Why children need to dance, sing, act and perform

Classical music concept: cello, violin, piano and a score

By Jill L. Ferguson

 

In “Gutless & Grateful”, a one-woman show that has been touring since 2012, Amy Oestreicher tells the story of how theater saved her life. She had loved to sing and dance and tell stories during her childhood, but at the age of 18, just weeks before her senior prom, she awoke with a health emergency, a blood clot on her mesenteric artery that caused thrombosis, and during surgery her stomach exploded and her lungs collapsed and she went into sepsis shock. These things sent her into a coma and nearly ended her life. When she awoke, she was unable to eat or drink and was worried she’d never be able to sing or dance again.

Eight years later, she took that experience, what she calls “an extremely difficult journey” and used the stapled pages of the journal she kept throughout the whole illness and recovery and created an engaging show of music, drama, dance and humor. Since its debut six years ago, Amy has toured “Gutless & Grateful” to theaters, international conferences, colleges and anywhere else she can “get myself booked,” she said.  And she has developed a show for sexual assault prevention and mental health  advocacy for students.

“Theater has the power to change lives, both for those performing and those who watch. Theater teaches us we’re capable of anything—and usually teaches us this at times we need it most,” Oestreicher said.

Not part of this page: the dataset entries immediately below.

Lemma int_normal_of_span_proper (m n : nat) (A : 'M[int]_(m, n))
    (C : 'cV[int]_n -> Prop) :
  span_proper_in_kerQ A C -> exists z : 'cV[int]_n,
    (forall c, C c -> z^T *m c = 0) /\ exists2 u, kerZ A u & z^T *m u != 0.
Proof.
move=> [_ [w [wA w_out]]]; have [y [yC wy]] := spanQ_separate w_out.
have [d d0 [z zy]] := int_multiple y; have [e e0 [u uw]] := int_multiple w.
have d_neq0 : d%:~R != 0 :> rat by rewrite intr_eq0 gt_eqF.
have e_neq0 : e%:~R != 0 :> rat by rewrite intr_eq0 gt_eqF.
have map_zT (x : 'cV[int]_n) :
    map_mx intr (z^T *m x) = d%:~R *: ((map_mx intr x)^T *m y)^T.
  have -> : map_mx intr (z^T *m x) = (map_mx intr z)^T *m map_mx intr x :> 'M[rat]_1.
    by rewrite map_mxM map_trmx.
  by rewrite zy linearZ /= -scalemxAl trmx_mul trmxK.
exists z; split=> [c Cc|].
  by apply: map_intr_eq0; rewrite map_zT yC ?trmx0 ?scaler0.
exists u; first by apply/kerQ_intr; rewrite /kerQ uw -scalemxAr wA scaler0.
apply: contraNneq wy => zu0; have /eqP := map_zT u.
rewrite zu0 map_mx0 eq_sym scaler_eq0 (negbTE d_neq0) /= uw linearZ /= -scalemxAl.
by rewrite linearZ scaler_eq0 (negbTE e_neq0) /= trmx_eq0.
Qed.

Lemma kerZ_col_mx (m n : nat) (A : 'M[int]_(m, n)) (z x : 'cV[int]_n) :
  kerZ (col_mx A z^T) x <-> kerZ A x /\ z^T *m x = 0.
Proof.
by rewrite /kerZ mul_col_mx -col_mx0; split=> [/eq_col_mx []|[-> ->]].
Qed.

Lemma kerZ_of_span_proper (m n : nat) (A : 'M[int]_(m, n)) (C : 'cV[int]_n -> Prop) :
  span_proper_in_kerQ A C -> forall c, C c -> kerZ A c.
Proof. by move=> [CA _] c /spanQ_mem /CA /kerQ_intr. Qed.

Lemma refined_configuration (K : fieldType) (m n : nat) (A : 'M[int]_(m, n))
    (C : 'cV[int]_n -> Prop) :
  pointed A -> span_proper_in_kerQ A C ->
  exists m' (A' : 'M[int]_(m', n)),
    [/\ pointed A', forall c, C c -> kerZ A' c, forall u, kerZ A' u -> kerZ A u
      & ~ set_eq (toric_ideal K A') (toric_ideal K A)].
Proof.
move=> ptA spanC; have [z [zC [u uA zu]]] := int_normal_of_span_proper spanC.
exists (m + 1)%N, (col_mx A z^T); split.
- by move=> x /kerZ_col_mx [/ptA].
- by move=> c Cc; apply/kerZ_col_mx; split; [exact: kerZ_of_span_proper Cc|exact: zC].
- by move=> x /kerZ_col_mx [].
move=> eqI; have /eqI/toric_ideal_binom/kerZ_col_mx [_ zu0] := (toric_ideal_binom K A u).2 uA.
by rewrite zu0 eqxx in zu.
Qed.

(** * Radical splittings *)

Lemma set_eq_rad (K : fieldType) (n : nat) (S T : {mpoly K[n]} -> Prop) :
  set_eq S T -> set_eq (Defs.rad S) (Defs.rad T).
Proof. by move=> ST f; split; apply: rad_sub => p /ST; apply: ideal_gen_mem. Qed.

Lemma kerZ_sub_of_toric_sub (K : fieldType) (m1 m2 n : nat)
    (A1 : 'M[int]_(m1, n)) (A2 : 'M[int]_(m2, n)) :
  (forall f, toric_ideal K A1 f -> toric_ideal K A2 f) -> forall u, kerZ A1 u -> kerZ A2 u.
Proof. by move=> sub12 u /(toric_ideal_binom K) /sub12 /toric_ideal_binom. Qed.

Lemma span_proper_of_toric_neq (K : fieldType) (m mi n : nat)
    (A : 'M[int]_(m, n)) (Ai : 'M[int]_(mi, n)) (C : 'cV[int]_n -> Prop) :
  (forall u, C u -> kerZ Ai u) -> (forall u, kerZ Ai u -> kerZ A u) ->
  ~ set_eq (toric_ideal K Ai) (toric_ideal K A) -> span_proper_in_kerQ A C.
Proof.
move=> CAi AiA neqI; split=> [v|]; first by apply: spanQ_kerQ => u /CAi /AiA.
apply: contrapT => spanA; apply: neqI => f; split; first exact: toric_ideal_sub.
apply: toric_ideal_sub => u /kerQ_intr uA; apply/kerQ_intr/(spanQ_kerQ CAi).
by apply: contrapT => u_out; apply: spanA; exists (map_mx intr u).
Qed.

Definition rad_gen (K : fieldType) (m n : nat) (A : 'M[int]_(m, n))
    (L : seq 'cV[int]_n) : Prop :=
  set_eq (Defs.rad (binomials K (fun u => u \in L))) (toric_ideal K A).

Lemma min_size_rad_gen (K : fieldType) (m n : nat) (A : 'M[int]_(m, n))
    (L : seq 'cV[int]_n) :
  rad_gen K A L -> exists Ls, [/\ {subset Ls <= L}, rad_gen K A Ls &
    forall L', {subset L' <= Ls} -> rad_gen K A L' -> (size Ls <= size L')%N].
Proof.
move=> genL.
pose P k := `[< exists Ls, [/\ {subset Ls <= L}, rad_gen K A Ls & size Ls = k] >].
have P0 : exists k, P k by exists (size L); apply/asboolP; exists L; split.
case: (ex_minnP P0) => k /asboolP [Ls [LsL genLs <-]] kmin.
exists Ls; split=> // L' L'Ls genL'; apply: kmin; apply/asboolP; exists L'.
by split=> // u /L'Ls /LsL.
Qed.

Lemma min_binom_gen_of_min_size (K : fieldType) (m n : nat) (A : 'M[int]_(m, n))
    (Ls : seq 'cV[int]_n) :
  rad_gen K A Ls ->
  (forall L', {subset L' <= Ls} -> rad_gen K A L' -> (size Ls <= size L')%N) ->
  min_binom_gen_up_to_rad A (binomials K (fun u => u \in Ls)).
Proof.
move=> genLs Lsmin; split=> [_ [u [_ ->]]|//|S' S'S]; first by exists (posm u), (negm u).
have [[_ [[u0 [u0Ls ->]] S'u0]]|] := pselect (exists f,
  binomials K (fun u => u \in Ls) f /\ ~ S' f); last by left.
right=> genS'; pose keep u := `[< S' (binom K u) >].
have S'E : set_eq S' (binomials K (fun u => u \in filter keep Ls)).
  move=> f; split=> [S'f|[u [/[!mem_filter] /andP [/asboolP S'u _] ->]] //].
  have [u [uLs fu]] := S'S f S'f; exists u; split=> //.
  by rewrite mem_filter uLs andbT; apply/asboolP; rewrite -fu.
have sub_keep : {subset filter keep Ls <= Ls} by move=> u /[!mem_filter] /andP [].
have gen_keep : rad_gen K A (filter keep Ls).
  by move=> f; rewrite -(set_eq_rad S'E f); apply: genS'.
apply/negP: (Lsmin _ sub_keep gen_keep).
rewrite -ltnNge size_filter -[X in (_ < X)%N](count_predC keep) -addn1 leq_add2l -has_count.
by apply/hasP; exists u0 => //=; apply/asboolP.
Qed.

Definition split_min_binom_gen (K : fieldType) (m n : nat) (A : 'M[int]_(m, n))
    (C C1 C2 : 'cV[int]_n -> Prop) : Prop :=
  [/\ forall u, C u -> kerZ A u, min_binom_gen_up_to_rad A (binomials K C),
      set_eq C (fun u => C1 u \/ C2 u), span_proper_in_kerQ A C1
    & span_proper_in_kerQ A C2].

Lemma split_min_binom_gen_of_radical_splittable (K : fieldType) (m n : nat)
    (A : 'M[int]_(m, n)) :
  radical_splittable K A -> exists C C1 C2, split_min_binom_gen K A C C1 C2.
Proof.
move=> [m1 [m2 [A1 [A2 [_ _ radA neq1 neq2]]]]].
have sub12 f : toric_ideal K A1 f \/ toric_ideal K A2 f -> toric_ideal K A f.
  by move=> f12; apply/radA; exists 1%N; rewrite expr1; apply: ideal_gen_mem.
have ker1 := kerZ_sub_of_toric_sub (fun f f1 => sub12 f (or_introl f1)).
have ker2 := kerZ_sub_of_toric_sub (fun f f2 => sub12 f (or_intror f2)).
have [G1 [G1A1 gen1]] := toric_ideal_finite_gen K A1.
have [G2 [G2A2 gen2]] := toric_ideal_finite_gen K A2.
have G12A u : u \in G1 ++ G2 -> kerZ A u.
  by rewrite mem_cat => /orP [/G1A1/ker1|/G2A2/ker2].
have genG : rad_gen K A (G1 ++ G2).
  move=> f; split.
    by apply: toric_ideal_rad => _ [u [/G12A uA ->]]; apply/toric_ideal_binom.
  move=> /radA; apply: rad_sub => p [/gen1|/gen2]; apply: ideal_gen_sub => _ [u [uG ->]];
    by apply: ideal_gen_mem; exists u; rewrite mem_cat uG ?orbT.
have [Ls [LsG genLs Lsmin]] := min_size_rad_gen genG.
exists (fun u => u \in Ls), (fun u => u \in Ls /\ u \in G1), (fun u => u \in Ls /\ u \in G2).
split=> [u /LsG /G12A //||u||].
- exact: min_binom_gen_of_min_size.
- split=> [uLs|[[]|[]] //]; have := LsG u uLs.
  by rewrite mem_cat => /orP [] uG; [left|right].
- by apply: span_proper_of_toric_neq neq1 => // u [_ /G1A1].
by apply: span_proper_of_toric_neq neq2 => // u [_ /G2A2].
Qed.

By participating in theater, dance, music, comedy and improv and performance art, children learn and develop in dynamic and engaging ways. This month, Pittsburgh Parent chatted with public school dance teacher (yes, you read that right) Alison Rose, author of the children’s picture book Shoes Off, Mommy?, about the benefits of performing arts, and in particular dance, to young children of any age and gender.

Rose broke down the benefits of all elementary school aged children taking dance or performance classes into the categories of social skills, the physical body and the mental/emotional self. “Dance is good for social skill development,” she said. “You interact with others. You’re taught to lead and you’re taught to follow. You learn about respecting others, about communicating verbally and nonverbally and you learn about empathy.”

As to one’s physical body, dance—no matter what kind—improves one’s coordination and balance. Dance affects heart health (It is cardio exercise, after all.) and it increases one’s strength and flexibility. Rose said having dance as part of school day helps students burn off some of their excess energy so they can more easily focus in other classes where they need to be seated and quiet.

And Rose said that the mental and emotional growth that comes through dance comes through its performing aspects, where children develop confidence and get boosts to their self-esteem when they get to express themselves in front of others.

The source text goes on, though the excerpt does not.